» **LISTED ENTRIES**:
(* Let $a,b,P_{\max}>0$ and set $\theta=b+b^2P_{\max}$. Define $$Q_{sym}=\frac{\Re\!\left(\sqrt{(a-\theta)(a-\theta+a^2P_{\max})}\right)-\theta}{ab}.$$ If $b\ge \sqrt{1+aP_{\max}}/P_{\max}$, then $Q_{sym}\le 0$. Consequently, in the symmetric two-user channel ($c=a$, $d=b$), both frontier curves $\Phi_1$ and $\Phi_2$ are convex.
   Context: This is the symmetric two-user interference channel with interference treated as noise. The rates are $R_1=\log_2(1+\frac{aP_1}{1+bP_2})$ and $R_2=\log_2(1+\frac{aP_2}{1+bP_1})$, with $P_i\in[0,P_{\max}]$. $\Phi_2$ is the curve of rate pairs with $P_2=P_{\max}$ and $P_1\in[0,P_{\max}]$; $\Phi_1$ is the curve with $P_1=P_{\max}$ and $P_2\in[0,P_{\max}]$. The second derivative of $\Phi_2$ (as $r_2$ versus $r_1$) has the sign of $P_1-Q_{sym}$, and by symmetry the same holds for $\Phi_1$ with $P_2$ in place of $P_1$. $\Re$ denotes the real part. *)

From Stdlib Require Import Reals.
Open Scope R_scope.

Definition log2 (x : R) : R := ln x / ln 2.

(* Rates of the symmetric two-user interference channel (c = a, d = b),
   interference treated as noise. *)
Definition rate1 (a b P1 P2 : R) : R := log2 (1 + a * P1 / (1 + b * P2)).
Definition rate2 (a b P1 P2 : R) : R := log2 (1 + a * P2 / (1 + b * P1)).

(* Real part of the principal complex square root of a real number x:
   sqrt x if x >= 0, and 0 if x < 0 (purely imaginary root). *)
Definition re_csqrt (x : R) : R := if Rle_dec 0 x then sqrt x else 0.

Definition theta (b Pmax : R) : R := b + b ^ 2 * Pmax.

Definition Qsym (a b Pmax : R) : R :=
  (re_csqrt ((a - theta b Pmax) * (a - theta b Pmax + a ^ 2 * Pmax))
     - theta b Pmax) / (a * b).

(* A parametric curve t |-> (x t, y t), t in [0, Pmax], viewed as the graph
   of r2 as a function of r1, is convex: whenever the abscissa of the point
   at parameter s is the convex combination (weight l) of the abscissae at
   parameters p and q, its ordinate lies below the chord. *)
Definition convex_curve (x y : R -> R) (Pmax : R) : Prop :=
  forall p q s l : R,
    0 <= p <= Pmax -> 0 <= q <= Pmax -> 0 <= s <= Pmax -> 0 <= l <= 1 ->
    x s = l * x p + (1 - l) * x q ->
    y s <= l * y p + (1 - l) * y q.

Definition Phi2_convex (a b Pmax : R) : Prop :=
  convex_curve (fun P1 => rate1 a b P1 Pmax) (fun P1 => rate2 a b P1 Pmax) Pmax.

Definition Phi1_convex (a b Pmax : R) : Prop :=
  convex_curve (fun P2 => rate1 a b Pmax P2) (fun P2 => rate2 a b Pmax P2) Pmax.

From Stdlib Require Import Reals Lra.
From Coquelicot Require Import Coquelicot.
Open Scope R_scope.

(* Put c = theta / a = b (1 + b Pmax) / a and D = a Pmax.  In
   natural-log units, the rate u = ln (1 + a t / (1 + b Pmax)) of the user
   whose power t varies satisfies 1 + b t = 1 - c + c e^u, so the rate of the
   user at full power is the function
       G(u) = ln (1 - c + D + c e^u) - ln (1 - c + c e^u)
   of u.  When c >= 1, G is strictly decreasing and its derivative is
   nondecreasing on [0, +oo), hence G is convex there.  The hypothesis on b
   gives b^2 Pmax^2 >= 1 + a Pmax, hence theta > a: this yields c > 1 and, by
   an elementary estimate of the square root, Q_sym <= 0.  Finally Phi_2 is
   the graph of (a rescaling of) G, hence convex, and Phi_1 is the graph of
   the inverse of this decreasing convex function, hence convex as well.
   The file first develops convexity on [0, +oo) in general, then the
   function G, and derives the theorem at the end. *)

Definition convex_nonneg (f : R -> R) : Prop :=
  forall u v l, 0 <= u -> 0 <= v -> 0 <= l <= 1 ->
    f (l * u + (1 - l) * v) <= l * f u + (1 - l) * f v.

Definition decreasing_nonneg (f : R -> R) : Prop :=
  forall u v, 0 <= u -> u < v -> f v < f u.

Lemma convex_nonneg_of_ordered (f : R -> R) :
  (forall u v l, 0 <= u -> u < v -> 0 < l < 1 ->
     f (l * u + (1 - l) * v) <= l * f u + (1 - l) * f v) ->
  convex_nonneg f.
Proof.
  intros Hord u v l Hu Hv Hl.
  destruct (Req_dec l 0) as [->|Hl0].
  { replace (0 * u + (1 - 0) * v) with v by ring. lra. }
  destruct (Req_dec l 1) as [->|Hl1].
  { replace (1 * u + (1 - 1) * v) with u by ring. lra. }
  destruct (Rtotal_order u v) as [Huv|[<-|Hvu]].
  - apply Hord; lra.
  - replace (l * u + (1 - l) * u) with u by ring. lra.
  - replace (l * u + (1 - l) * v) with ((1 - l) * v + (1 - (1 - l)) * u) by ring.
    pose proof (Hord v u (1 - l) Hv Hvu ltac:(lra)). lra.
Qed.

(* A function whose derivative is nondecreasing on [0, +oo) is convex there:
   by the mean value theorem on [u, z] and [z, v], the slope of f left of z
   is at most its slope right of z. *)
Lemma convex_of_nondecreasing_derivative (f f' : R -> R) :
  (forall u, 0 <= u -> derivable_pt_lim f u (f' u)) ->
  (forall u v, 0 <= u -> u <= v -> f' u <= f' v) ->
  convex_nonneg f.
Proof.
  intros Hder Hmono. apply convex_nonneg_of_ordered.
  intros u v l Hu Huv Hl. set (z := l * u + (1 - l) * v).
  assert (Huz : u < z) by (unfold z; nra).
  assert (Hzv : z < v) by (unfold z; nra).
  destruct (MVT_cor2 f f' u z Huz) as [c1 [Eleft Hc1]].
  { intros; apply Hder; lra. }
  destruct (MVT_cor2 f f' z v Hzv) as [c2 [Eright Hc2]].
  { intros; apply Hder; lra. }
  assert (Hslopes : f' c1 <= f' c2) by (apply Hmono; lra).
  replace (z - u) with ((1 - l) * (v - u)) in Eleft by (unfold z; ring).
  replace (v - z) with (l * (v - u)) in Eright by (unfold z; ring).
  assert (Hgap : l * f u + (1 - l) * f v - f z
                 = l * (1 - l) * (v - u) * (f' c2 - f' c1)) by nra.
  assert (0 <= l * (1 - l) * (v - u) * (f' c2 - f' c1)).
  { apply Rmult_le_pos; [|lra]. apply Rmult_le_pos; [|lra]. nra. }
  lra.
Qed.

(* Changing units by a factor k > 0 on both axes preserves convexity and
   strict decrease; needed to pass from natural logarithms to log2. *)
Lemma convex_nonneg_rescale (g : R -> R) (k : R) :
  0 < k -> convex_nonneg g -> convex_nonneg (fun w => g (k * w) / k).
Proof.
  intros Hk Hg u v l Hu Hv Hl.
  replace (k * (l * u + (1 - l) * v)) with (l * (k * u) + (1 - l) * (k * v)) by ring.
  pose proof (Hg (k * u) (k * v) l ltac:(nra) ltac:(nra) Hl) as Hkuv.
  assert (Hik : 0 < / k) by (apply Rinv_0_lt_compat; lra).
  unfold Rdiv. nra.
Qed.

Lemma decreasing_nonneg_rescale (g : R -> R) (k : R) :
  0 < k -> decreasing_nonneg g -> decreasing_nonneg (fun w => g (k * w) / k).
Proof.
  intros Hk Hg u v Hu Huv.
  pose proof (Hg (k * u) (k * v) ltac:(nra) ltac:(nra)).
  apply Rmult_lt_compat_r; [apply Rinv_0_lt_compat|]; lra.
Qed.

Lemma convex_curve_graph (x y h : R -> R) (Pmax : R) :
  (forall t, 0 <= t <= Pmax -> 0 <= x t) ->
  (forall t, 0 <= t <= Pmax -> y t = h (x t)) ->
  convex_nonneg h -> convex_curve x y Pmax.
Proof.
  intros Hx Hy Hh p q s l Hp Hq Hs Hl Hxs.
  rewrite (Hy s Hs), (Hy p Hp), (Hy q Hq), Hxs.
  apply Hh; auto.
Qed.

(* If the
   ordinate were above the chord, applying h would put the abscissa strictly
   below the chord of h, contradicting its convexity. *)
Lemma convex_curve_inverse_graph (x y h : R -> R) (Pmax : R) :
  (forall t, 0 <= t <= Pmax -> 0 <= y t) ->
  (forall t, 0 <= t <= Pmax -> x t = h (y t)) ->
  convex_nonneg h -> decreasing_nonneg h -> convex_curve x y Pmax.
Proof.
  intros Hy Hx Hconv Hdecr p q s l Hp Hq Hs Hl Hxs.
  rewrite (Hx s Hs), (Hx p Hp), (Hx q Hq) in Hxs.
  pose proof (Hy p Hp). pose proof (Hy q Hq).
  set (m := l * y p + (1 - l) * y q).
  destruct (Rle_lt_dec (y s) m) as [Hle|Habove]; [exact Hle|].
  assert (Hm : 0 <= m) by (unfold m; apply Rplus_le_le_0_compat; apply Rmult_le_pos; lra).
  pose proof (Hdecr m (y s) Hm Habove).
  pose proof (Hconv (y p) (y q) l ltac:(lra) ltac:(lra) Hl) as Hchord.
  fold m in Hchord. lra.
Qed.

(* Elementary algebra behind the monotonicity of G': for al <= 0 and D > 0,
   s |-> (s - al)/(s + D) - (s - al)/s = -D (s - al) / (s (s + D)) is
   nondecreasing on [1, +oo). *)
Lemma slope_term_nondecreasing (s1 s2 al D : R) :
  1 <= s1 <= s2 -> al <= 0 -> 0 < D ->
  (s1 - al) / (s1 + D) - (s1 - al) / s1 <= (s2 - al) / (s2 + D) - (s2 - al) / s2.
Proof.
  intros Hs Hal HD.
  assert (E : (s2 - al) / (s2 + D) - (s2 - al) / s2 - ((s1 - al) / (s1 + D) - (s1 - al) / s1)
     = D * (s2 - s1) * (s1 * s2 - al * (s1 + s2) - al * D)
       * / (s1 * s2 * (s1 + D) * (s2 + D))).
  { field; repeat split; lra. }
  assert (0 <= D * (s2 - s1) * (s1 * s2 - al * (s1 + s2) - al * D)
               * / (s1 * s2 * (s1 + D) * (s2 + D))).
  { apply Rmult_le_pos; [apply Rmult_le_pos; [apply Rmult_le_pos; lra | nra]|].
    left; apply Rinv_0_lt_compat. repeat apply Rmult_lt_0_compat; lra. }
  lra.
Qed.

Section Frontier.

(* c is the normalized cross gain theta / a and D the received power a Pmax
   of the full-power user. *)
Variables c D : R.
Hypothesis Hc : 1 <= c.
Hypothesis HD : 0 < D.

(* The interference-plus-noise level 1 + b t, as a function of the rate
   u = ln (1 + a t / (1 + b Pmax)) of the other user. *)
Definition interference (u : R) : R := 1 - c + c * exp u.

(* The full-power user's rate, in natural-log units, as a function of u. *)
Definition G (u : R) : R := ln (interference u + D) - ln (interference u).

Definition G' (u : R) : R :=
  c * exp u / (interference u + D) - c * exp u / interference u.

Lemma interference_ge1 (u : R) : 0 <= u -> 1 <= interference u.
Proof.
  intros Hu. pose proof (exp_ineq1_le u). unfold interference. nra.
Qed.

Lemma interference_increasing (u v : R) : u < v -> interference u < interference v.
Proof.
  intros Huv. pose proof (exp_increasing u v Huv). unfold interference. nra.
Qed.

Lemma G_derivative (u : R) : 0 <= u -> derivable_pt_lim G u (G' u).
Proof.
  intros Hu. pose proof (interference_ge1 u Hu).
  apply is_derive_Reals. unfold G, G', interference in *.
  auto_derive.
  - repeat split; lra.
  - field; lra.
Qed.

Lemma G'_nondecreasing (u v : R) : 0 <= u -> u <= v -> G' u <= G' v.
Proof.
  intros Hu Huv.
  pose proof (interference_ge1 u Hu).
  pose proof (interference_ge1 v ltac:(lra)).
  assert (Hsuv : interference u <= interference v).
  { destruct Huv as [Hlt|<-]; [left; apply interference_increasing|]; lra. }
  assert (Hexp : forall w, c * exp w = interference w - (1 - c))
    by (intros; unfold interference; ring).
  unfold G'. rewrite !Hexp.
  apply slope_term_nondecreasing; lra.
Qed.

Lemma G_convex : convex_nonneg G.
Proof.
  apply (convex_of_nondecreasing_derivative G G').
  - exact G_derivative.
  - exact G'_nondecreasing.
Qed.

(* G(u) = ln (1 + D / interference u) decreases as the interference grows. *)
Lemma G_decreasing : decreasing_nonneg G.
Proof.
  intros u v Hu Huv.
  pose proof (interference_ge1 u Hu).
  pose proof (interference_increasing u v Huv).
  assert (Hratio : forall w, 0 <= w -> G w = ln (1 + D / interference w)).
  { intros w Hw. pose proof (interference_ge1 w Hw). unfold G.
    rewrite <- ln_div by lra. f_equal. field. lra. }
  rewrite (Hratio u Hu), (Hratio v ltac:(lra)).
  apply ln_increasing.
  - assert (0 < D / interference v) by (apply Rdiv_lt_0_compat; lra). lra.
  - apply Rplus_lt_compat_l. apply Rmult_lt_compat_l; [lra|].
    apply Rinv_lt_contravar; nra.
Qed.

End Frontier.

Definition frontier (c D w : R) : R := G c D (ln 2 * w) / ln 2.

Lemma ln2_pos : 0 < ln 2.
Proof. pose proof ln_lt_2. lra. Qed.

Lemma frontier_identity (a b Pmax t : R) :
  0 < a -> 0 < b -> 0 < Pmax -> 0 <= t ->
  log2 (1 + a * Pmax / (1 + b * t))
  = frontier (theta b Pmax / a) (a * Pmax) (log2 (1 + a * t / (1 + b * Pmax))).
Proof.
  intros Ha Hb HP Ht. pose proof ln2_pos.
  assert (0 <= a * t / (1 + b * Pmax))
    by (apply Rmult_le_pos; [nra | left; apply Rinv_0_lt_compat; nra]).
  unfold frontier, log2. f_equal.
  replace (ln 2 * (ln (1 + a * t / (1 + b * Pmax)) / ln 2))
    with (ln (1 + a * t / (1 + b * Pmax))) by (field; lra).
  assert (Hint : interference (theta b Pmax / a) (ln (1 + a * t / (1 + b * Pmax)))
                 = 1 + b * t).
  { unfold interference, theta. rewrite exp_ln by lra. field; split; nra. }
  unfold G. rewrite Hint.
  assert (0 < a * Pmax / (1 + b * t)) by (apply Rdiv_lt_0_compat; nra).
  rewrite <- ln_div by nra. f_equal. field. nra.
Qed.

Lemma log2_nonneg (x : R) : 1 <= x -> 0 <= log2 x.
Proof.
  intros Hx. pose proof ln2_pos. unfold log2.
  apply Rmult_le_pos; [|left; apply Rinv_0_lt_compat; lra].
  rewrite <- ln_1. destruct Hx as [Hlt|<-]; [left; apply ln_increasing|]; lra.
Qed.

Lemma rate_nonneg (a b P t : R) :
  0 < a -> 0 < b -> 0 < P -> 0 <= t -> 0 <= log2 (1 + a * t / (1 + b * P)).
Proof.
  intros Ha Hb HP Ht. apply log2_nonneg.
  assert (0 <= a * t / (1 + b * P))
    by (apply Rmult_le_pos; [nra | left; apply Rinv_0_lt_compat; nra]).
  lra.
Qed.

(* The hypothesis on b means b^2 Pmax^2 >= 1 + a Pmax, which forces theta > a. *)
Lemma theta_gt_gain (a b Pmax : R) :
  0 < a -> 0 < b -> 0 < Pmax -> b >= sqrt (1 + a * Pmax) / Pmax ->
  a < theta b Pmax.
Proof.
  intros Ha Hb HP Hbig.
  assert (Hroot : sqrt (1 + a * Pmax) <= b * Pmax).
  { apply Rge_le in Hbig. apply (Rmult_le_compat_r Pmax) in Hbig; [|lra].
    unfold Rdiv in Hbig. rewrite Rmult_assoc, Rinv_l in Hbig by lra. lra. }
  pose proof (sqrt_pos (1 + a * Pmax)).
  pose proof (sqrt_sqrt (1 + a * Pmax) ltac:(nra)).
  assert (Hsq : 1 + a * Pmax <= (b * Pmax) ^ 2) by nra.
  unfold theta. assert (a * Pmax < (b + b ^ 2 * Pmax) * Pmax) by nra. nra.
Qed.

(* When theta >= a the radicand of Q_sym is at most theta^2, so the real part
   of its square root does not exceed theta. *)
Lemma Qsym_nonpos (a b Pmax : R) :
  0 < a -> 0 < b -> 0 < Pmax -> a <= theta b Pmax -> Qsym a b Pmax <= 0.
Proof.
  intros Ha Hb HP Hth. unfold Qsym, re_csqrt. set (th := theta b Pmax) in *.
  assert (Hnum : (if Rle_dec 0 ((a - th) * (a - th + a ^ 2 * Pmax))
                  then sqrt ((a - th) * (a - th + a ^ 2 * Pmax)) else 0) - th <= 0).
  { destruct (Rle_dec _ _) as [Hrad|]; [|lra].
    assert (Hle : sqrt ((a - th) * (a - th + a ^ 2 * Pmax)) <= sqrt (th ^ 2)).
    { apply sqrt_le_1_alt.
      assert (0 < a ^ 2 * Pmax) by (apply Rmult_lt_0_compat; [apply pow_lt|]; lra).
      assert ((a - th) * (a ^ 2 * Pmax) <= 0) by nra.
      assert ((th - a) * (th - a) <= th * th) by nra. simpl in *; nra. }
    rewrite sqrt_pow2 in Hle by lra. lra. }
  unfold Rdiv. assert (0 < / (a * b)) by (apply Rinv_0_lt_compat; nra). nra.
Qed.

Theorem mainTheorem10 (a b Pmax : R) :
  0 < a -> 0 < b -> 0 < Pmax ->
  b >= sqrt (1 + a * Pmax) / Pmax ->
  Qsym a b Pmax <= 0 /\ Phi1_convex a b Pmax /\ Phi2_convex a b Pmax.
Proof.
  intros Ha Hb HP Hbig.
  pose proof (theta_gt_gain a b Pmax Ha Hb HP Hbig) as Hth.
  set (c := theta b Pmax / a).
  assert (Hc : 1 <= c).
  { unfold c. apply (Rmult_le_reg_r a); [lra|].
    unfold Rdiv. rewrite Rmult_assoc, Rinv_l by lra. lra. }
  assert (HD : 0 < a * Pmax) by nra.
  pose proof (convex_nonneg_rescale _ _ ln2_pos (G_convex c (a * Pmax) Hc HD))
    as Hconv.
  pose proof (decreasing_nonneg_rescale _ _ ln2_pos (G_decreasing c (a * Pmax) Hc HD))
    as Hdecr.
  split; [|split].
  - apply Qsym_nonpos; lra.
  - apply (convex_curve_inverse_graph _ _ (frontier c (a * Pmax))); auto;
      intros t Ht; unfold rate1, rate2.
    + apply rate_nonneg; lra.
    + apply frontier_identity; lra.
  - apply (convex_curve_graph _ _ (frontier c (a * Pmax))); auto;
      intros t Ht; unfold rate1, rate2.
    + apply rate_nonneg; lra.
    + apply frontier_identity; lra.
Qed.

» **ABOUT THIS EXERCISE**:
Please give back, exactly as it stands above, the stretch from the line with "at parameter s" through the line with "forall p q s", and no line outside it.

» **WRITTEN RESPONSE**:
   at parameter s is the convex combination (weight l) of the abscissae at
   parameters p and q, its ordinate lies below the chord. *)
Definition convex_curve (x y : R -> R) (Pmax : R) : Prop :=
  forall p q s l : R,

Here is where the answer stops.